--- TO DO ---
From the records below, set down exactly the lines starting with the line that contains "Definition linearly_closed (A" and going on through the line that contains "Definition nbhd_in (A". Nothing else is wanted.

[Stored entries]
* * * * * * * * *
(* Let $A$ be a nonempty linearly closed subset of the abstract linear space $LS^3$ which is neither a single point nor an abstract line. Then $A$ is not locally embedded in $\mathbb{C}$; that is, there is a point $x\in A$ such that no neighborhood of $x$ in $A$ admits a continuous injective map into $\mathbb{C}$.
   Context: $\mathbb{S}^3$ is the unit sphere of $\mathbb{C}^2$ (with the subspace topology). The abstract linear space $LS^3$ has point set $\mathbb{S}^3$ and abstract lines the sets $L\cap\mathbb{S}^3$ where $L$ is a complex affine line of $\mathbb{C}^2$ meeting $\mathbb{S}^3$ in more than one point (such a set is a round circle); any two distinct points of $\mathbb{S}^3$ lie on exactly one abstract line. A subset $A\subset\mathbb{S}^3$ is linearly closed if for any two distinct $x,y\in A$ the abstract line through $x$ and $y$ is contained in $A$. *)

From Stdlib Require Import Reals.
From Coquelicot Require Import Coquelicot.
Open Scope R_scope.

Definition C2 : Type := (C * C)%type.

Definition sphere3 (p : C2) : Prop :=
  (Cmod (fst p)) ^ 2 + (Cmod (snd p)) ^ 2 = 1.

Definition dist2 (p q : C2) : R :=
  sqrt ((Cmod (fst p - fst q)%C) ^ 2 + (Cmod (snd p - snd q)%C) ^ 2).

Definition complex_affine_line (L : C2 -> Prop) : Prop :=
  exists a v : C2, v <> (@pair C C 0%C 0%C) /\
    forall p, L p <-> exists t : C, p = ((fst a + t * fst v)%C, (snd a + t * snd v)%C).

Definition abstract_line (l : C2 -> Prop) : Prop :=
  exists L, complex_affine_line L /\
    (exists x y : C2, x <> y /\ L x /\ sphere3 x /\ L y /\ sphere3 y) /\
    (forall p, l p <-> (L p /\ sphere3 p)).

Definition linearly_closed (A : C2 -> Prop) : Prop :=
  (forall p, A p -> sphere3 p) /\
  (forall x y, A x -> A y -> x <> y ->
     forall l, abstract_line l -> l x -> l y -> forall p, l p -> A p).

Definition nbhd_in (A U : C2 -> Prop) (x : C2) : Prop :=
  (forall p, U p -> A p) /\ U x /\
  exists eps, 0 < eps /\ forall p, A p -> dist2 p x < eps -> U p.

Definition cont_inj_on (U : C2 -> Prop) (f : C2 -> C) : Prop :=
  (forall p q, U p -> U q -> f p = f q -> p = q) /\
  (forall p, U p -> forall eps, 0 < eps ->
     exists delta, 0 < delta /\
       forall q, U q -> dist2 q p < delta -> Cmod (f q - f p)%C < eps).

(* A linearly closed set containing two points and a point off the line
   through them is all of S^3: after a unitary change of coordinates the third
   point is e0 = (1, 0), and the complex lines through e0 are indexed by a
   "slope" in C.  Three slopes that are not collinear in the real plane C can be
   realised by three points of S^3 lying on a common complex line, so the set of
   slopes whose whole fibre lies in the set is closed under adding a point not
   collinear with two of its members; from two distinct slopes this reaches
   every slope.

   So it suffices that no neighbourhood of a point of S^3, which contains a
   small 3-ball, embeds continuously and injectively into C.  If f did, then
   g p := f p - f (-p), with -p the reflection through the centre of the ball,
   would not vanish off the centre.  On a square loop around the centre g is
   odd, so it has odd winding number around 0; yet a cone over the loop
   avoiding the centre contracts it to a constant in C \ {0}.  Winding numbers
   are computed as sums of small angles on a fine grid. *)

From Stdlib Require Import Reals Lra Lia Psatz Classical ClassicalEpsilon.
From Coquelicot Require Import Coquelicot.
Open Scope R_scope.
* * * * * * * * *
--- EXERCISE SOLUTION ---
Definition linearly_closed (A : C2 -> Prop) : Prop :=
  (forall p, A p -> sphere3 p) /\
  (forall x y, A x -> A y -> x <> y ->
     forall l, abstract_line l -> l x -> l y -> forall p, l p -> A p).

Definition nbhd_in (A U : C2 -> Prop) (x : C2) : Prop :=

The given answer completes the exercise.